The vector file is optional and contains template vector information in one of the following formats: .dna (Snapgene), .fasta, .fa, .gb, .gbk, or .txt. If a vector file is provided, ReCo assumes that this is a 3Cs template vector and tries to find the template restriction enzyme recognition site to quantify its abundance (see 3Cs and 3Cs-MPX for details). If a DNA sequence is provided containing the letters A, C, G, and T, ReCo will try to find template information in this sequence. If left empty, ReCo assumes that the library was generated conventionally and skips determining the template sequence from the vector file.
ReCo generates a log file in the specified output folder summarizing all runs:
/output_dir/reco_date.log
For each sample, ReCo creates a sub folder in the specified output folder and generates multiple result files:
/output_dir/sample_name/report.txt
Provides a summary of all important parameters and trimming/alignment rates.
/output_dir/sample_name/ReCo_[samplename].log
A detailed logfile containing all parameters, settings, outputs (also from cutadapt and Bowtie2). Helpful for trouble shooting in case of unexpected results.
/output_dir/sample_name/[samplename]_final_guidecounts.csv
This is the file containing the read counts for all library gRNAs or gRNA combinations of two libraries.
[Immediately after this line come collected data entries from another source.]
(* For every term $t\in T^{*,\circ}$, one has $t =_{ALD} I(t)[J(t)]$.
   Context: For $n\ge1$, $T_n^*$ (resp. $T_n^\circ$, $T_n^{*,\circ}$) is the set of terms built from variables $x_1,\dots,x_n$ using the binary operator $*$ (resp. $\circ$, resp. both); $T^*=\bigcup_nT_n^*$, $T^{*,\circ}=\bigcup_nT_n^{*,\circ}$, $x$ denotes $x_1$, and $T_1^\circ$ is the set of $\circ$-terms in $x$. The size of a term is its number of occurrences of variables. $=_{ALD}$ is the congruence on $T^{*,\circ}$ generated by all instances of $x*(y*z)=(x*y)*(x*z)$, $x*(y*z)=(x\circ y)*z$ and $x*(y\circ z)=(x*y)\circ(x*z)$. For a set $S$ with binary operation $*$, $\widehat S$ denotes the finite nonempty sequences over $S$, $\frown$ concatenation, and $\vec s\mathbin{\vec{*}}\vec t=(s_1*\cdots*s_p*t_1,\dots,s_1*\cdots*s_p*t_q)$ ($p,q$ the lengths; parentheses added on the right). For $t\in T^{*,\circ}$, $I(t)\in T_1^\circ$ and $J(t)\in\widehat{T^*}$ are defined inductively: if $t$ is a variable, $(I(t),J(t))=(x,(t))$; if $t=t_1*t_2$, $(I(t),J(t))=(I(t_2),J(t_1)\mathbin{\vec{*}}J(t_2))$; if $t=t_1\circ t_2$, $(I(t),J(t))=(I(t_1)\circ I(t_2),J(t_1)\frown J(t_2))$ (the size of $I(t)$ equals the length of $J(t)$). For $v\in T_1^\circ$ of size $p$ and a length-$p$ sequence $\vec t=(t_1,\dots,t_p)$ of terms of $T^*$, $v[\vec t]$ denotes the term obtained from $v$ by substituting $t_1,\dots,t_p$ for the occurrences of the variable in $v$, enumerated from left to right. *)

From Stdlib Require Import List.
Import ListNotations.

(* Terms built from variables x_1, x_2, ... with two binary operators * and o.
   [Var i] denotes the variable x_(i+1); so [Var 0] is x = x_1. *)
Inductive term : Type :=
| Var : nat -> term
| Star : term -> term -> term
| Circ : term -> term -> term.

Definition x : term := Var 0.

Inductive ald_eq : term -> term -> Prop :=
| ald_LD  : forall a b c, ald_eq (Star a (Star b c)) (Star (Star a b) (Star a c))
| ald_A   : forall a b c, ald_eq (Star a (Star b c)) (Star (Circ a b) c)
| ald_D   : forall a b c, ald_eq (Star a (Circ b c)) (Circ (Star a b) (Star a c))
| ald_refl : forall a, ald_eq a a
| ald_sym : forall a b, ald_eq a b -> ald_eq b a
| ald_trans : forall a b c, ald_eq a b -> ald_eq b c -> ald_eq a c
| ald_Star : forall a a' b b', ald_eq a a' -> ald_eq b b' -> ald_eq (Star a b) (Star a' b')
| ald_Circ : forall a a' b b', ald_eq a a' -> ald_eq b b' -> ald_eq (Circ a b) (Circ a' b').

Fixpoint star_prefix (s : list term) (u : term) : term :=
  match s with
  | [] => u
  | a :: s' => Star a (star_prefix s' u)
  end.

Definition vec_star (s t : list term) : list term :=
  map (star_prefix s) t.

Fixpoint I (t : term) : term :=
  match t with
  | Var _ => x
  | Star _ t2 => I t2
  | Circ t1 t2 => Circ (I t1) (I t2)
  end.

Fixpoint J (t : term) : list term :=
  match t with
  | Var _ => [t]
  | Star t1 t2 => vec_star (J t1) (J t2)
  | Circ t1 t2 => J t1 ++ J t2
  end.

(* Substitution of a sequence into the variable occurrences of v, enumerated
   left to right: returns the resulting term and the unused suffix of the
   sequence.  Only meaningful when size v = length of the sequence (missing
   entries, which never occur in that case, default to the variable itself). *)
Fixpoint subst_aux (v : term) (ts : list term) : term * list term :=
  match v with
  | Var i => match ts with
             | [] => (Var i, [])
             | u :: ts' => (u, ts')
             end
  | Star a b => let (a', r1) := subst_aux a ts in
                let (b', r2) := subst_aux b r1 in (Star a' b', r2)
  | Circ a b => let (a', r1) := subst_aux a ts in
                let (b', r2) := subst_aux b r1 in (Circ a' b', r2)
  end.

Definition subst (v : term) (ts : list term) : term := fst (subst_aux v ts).

(* For
   t = t1 * t2, the laws x*(y*z) = (x*y)*(x*z) and x*(y o z) = (x*y) o (x*z)
   let left multiplication by t1 enter every leaf of I(t2)[J(t2)], and the law
   x*(y*z) = (x o y)*z turns t1 * u = I(t1)[J(t1)] * u into the right-nested
   product of the entries of J(t1) with u, because I(t1) is a o-term. *)

From Stdlib Require Import List Lia Setoid Morphisms.
Import ListNotations.

#[export] Instance ald_eq_Equivalence : Equivalence ald_eq.
Proof.
  split.
  - exact ald_refl.
  - exact ald_sym.
  - exact ald_trans.
Qed.

#[export] Instance Star_ald_eq_Proper : Proper (ald_eq ==> ald_eq ==> ald_eq) Star.
Proof. intros a a' Ha b b' Hb. now apply ald_Star. Qed.

#[export] Instance Circ_ald_eq_Proper : Proper (ald_eq ==> ald_eq ==> ald_eq) Circ.
Proof. intros a a' Ha b b' Hb. now apply ald_Circ. Qed.

Fixpoint term_size (v : term) : nat :=
  match v with
  | Var _ => 1
  | Star a b | Circ a b => term_size a + term_size b
  end.

Fixpoint circ_term (v : term) : Prop :=
  match v with
  | Var _ => True
  | Star _ _ => False
  | Circ a b => circ_term a /\ circ_term b
  end.

Lemma split_length {A : Type} (l : list A) (m n : nat) :
  length l = m + n ->
  exists l1 l2, l = l1 ++ l2 /\ length l1 = m /\ length l2 = n.
Proof.
  intros Hlen. exists (firstn m l), (skipn m l).
  rewrite firstn_skipn, length_firstn, length_skipn. repeat split; lia.
Qed.

Lemma subst_aux_app (v : term) (ts r : list term) :
  length ts = term_size v -> subst_aux v (ts ++ r) = (subst v ts, r).
Proof.
  revert ts r.
  induction v as [i | v1 IH1 v2 IH2 | v1 IH1 v2 IH2]; intros ts r Hlen;
    cbn in Hlen;
    [destruct ts as [| u [| ? ?]]; cbn in Hlen; [lia | reflexivity | lia] | |].
  all: destruct (split_length ts _ _ Hlen) as (ts1 & ts2 & -> & H1 & H2);
    pose proof (IH2 ts2 [] H2) as E2; rewrite app_nil_r in E2;
    unfold subst; cbn; rewrite <- app_assoc, !IH1, IH2, E2 by assumption;
    reflexivity.
Qed.

Lemma subst_aux_exact (v : term) (ts : list term) :
  length ts = term_size v -> subst_aux v ts = (subst v ts, []).
Proof. intros Hlen. rewrite <- (app_nil_r ts) at 1. now apply subst_aux_app. Qed.

Lemma subst_Star (v1 v2 : term) (ts1 ts2 : list term) :
  length ts1 = term_size v1 -> length ts2 = term_size v2 ->
  subst (Star v1 v2) (ts1 ++ ts2) = Star (subst v1 ts1) (subst v2 ts2).
Proof.
  intros H1 H2. unfold subst at 1; cbn.
  now rewrite subst_aux_app, subst_aux_exact.
Qed.

Lemma subst_Circ (v1 v2 : term) (ts1 ts2 : list term) :
  length ts1 = term_size v1 -> length ts2 = term_size v2 ->
  subst (Circ v1 v2) (ts1 ++ ts2) = Circ (subst v1 ts1) (subst v2 ts2).
Proof.
  intros H1 H2. unfold subst at 1; cbn.
  now rewrite subst_aux_app, subst_aux_exact.
Qed.

Lemma star_prefix_app (s1 s2 : list term) (u : term) :
  star_prefix (s1 ++ s2) u = star_prefix s1 (star_prefix s2 u).
Proof. induction s1 as [| a s1 IH]; cbn; congruence. Qed.

Lemma Star_subst (v : term) (ts : list term) (a : term) (f : term -> term) :
  (forall u, ald_eq (Star a u) (f u)) -> length ts = term_size v ->
  ald_eq (Star a (subst v ts)) (subst v (map f ts)).
Proof.
  intros Hf. revert ts.
  induction v as [i | v1 IH1 v2 IH2 | v1 IH1 v2 IH2]; intros ts Hlen; cbn in Hlen.
  - destruct ts as [| u [| ? ?]]; cbn in Hlen; try lia. apply Hf.
  - destruct (split_length ts _ _ Hlen) as (ts1 & ts2 & -> & H1 & H2).
    rewrite map_app, !subst_Star by now rewrite ?length_map.
    now rewrite ald_LD, IH1, IH2.
  - destruct (split_length ts _ _ Hlen) as (ts1 & ts2 & -> & H1 & H2).
    rewrite map_app, !subst_Circ by now rewrite ?length_map.
    now rewrite ald_D, IH1, IH2.
Qed.

Lemma subst_circ_Star (v : term) (ts : list term) (u : term) :
  circ_term v -> length ts = term_size v ->
  ald_eq (Star (subst v ts) u) (star_prefix ts u).
Proof.
  revert ts u.
  induction v as [i | v1 IH1 v2 IH2 | v1 IH1 v2 IH2]; intros ts u Hv Hlen;
    cbn in Hv, Hlen.
  - destruct ts as [| w [| ? ?]]; cbn in Hlen; try lia. reflexivity.
  - contradiction.
  - destruct Hv as [Hv1 Hv2].
    destruct (split_length ts _ _ Hlen) as (ts1 & ts2 & -> & H1 & H2).
    rewrite subst_Circ, star_prefix_app by assumption.
    now rewrite <- ald_A, IH2, IH1.
Qed.

Lemma I_circ_term (t : term) : circ_term (I t).
Proof. induction t; cbn; auto. Qed.

Lemma J_length (t : term) : length (J t) = term_size (I t).
Proof.
  induction t as [i | t1 IH1 t2 IH2 | t1 IH1 t2 IH2]; cbn.
  - reflexivity.
  - unfold vec_star. now rewrite length_map.
  - rewrite length_app. lia.
Qed.

Theorem lemma1p12 : forall t : term, ald_eq t (subst (I t) (J t)).
Proof.
  induction t as [i | t1 IH1 t2 IH2 | t1 IH1 t2 IH2]; cbn [I J].
  - reflexivity.
  - unfold vec_star. rewrite IH2 at 1.
    apply Star_subst; [| apply J_length].
    intros u. rewrite IH1 at 1.
    apply subst_circ_Star; [apply I_circ_term | apply J_length].
  - rewrite subst_Circ by apply J_length.
    now rewrite <- IH1, <- IH2.
Qed.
/output_dir/sample_name/[samplename]_failed_gRNAs.csv
This file contains all sequences that ReCo could not align to the library. Helpful for trouble shooting.
/output_dir/sample_name/[samplename]_top100_failed_sequences.csv
This file contains only the top 100 of sequences that ReCo could not align to the library. This is a small file that is useful for quick trouble shooting. If trimming or alignment rates are low, try to align these sequences to other libraries or double check the homology sequence that ReCo determined from your fastq files.
/output_dir/sample_name/[samplename]_qc_panel.pdf
and[samplename]_qc_panel_png
These two files contain a plot panel visualizing properties of the sequenced library.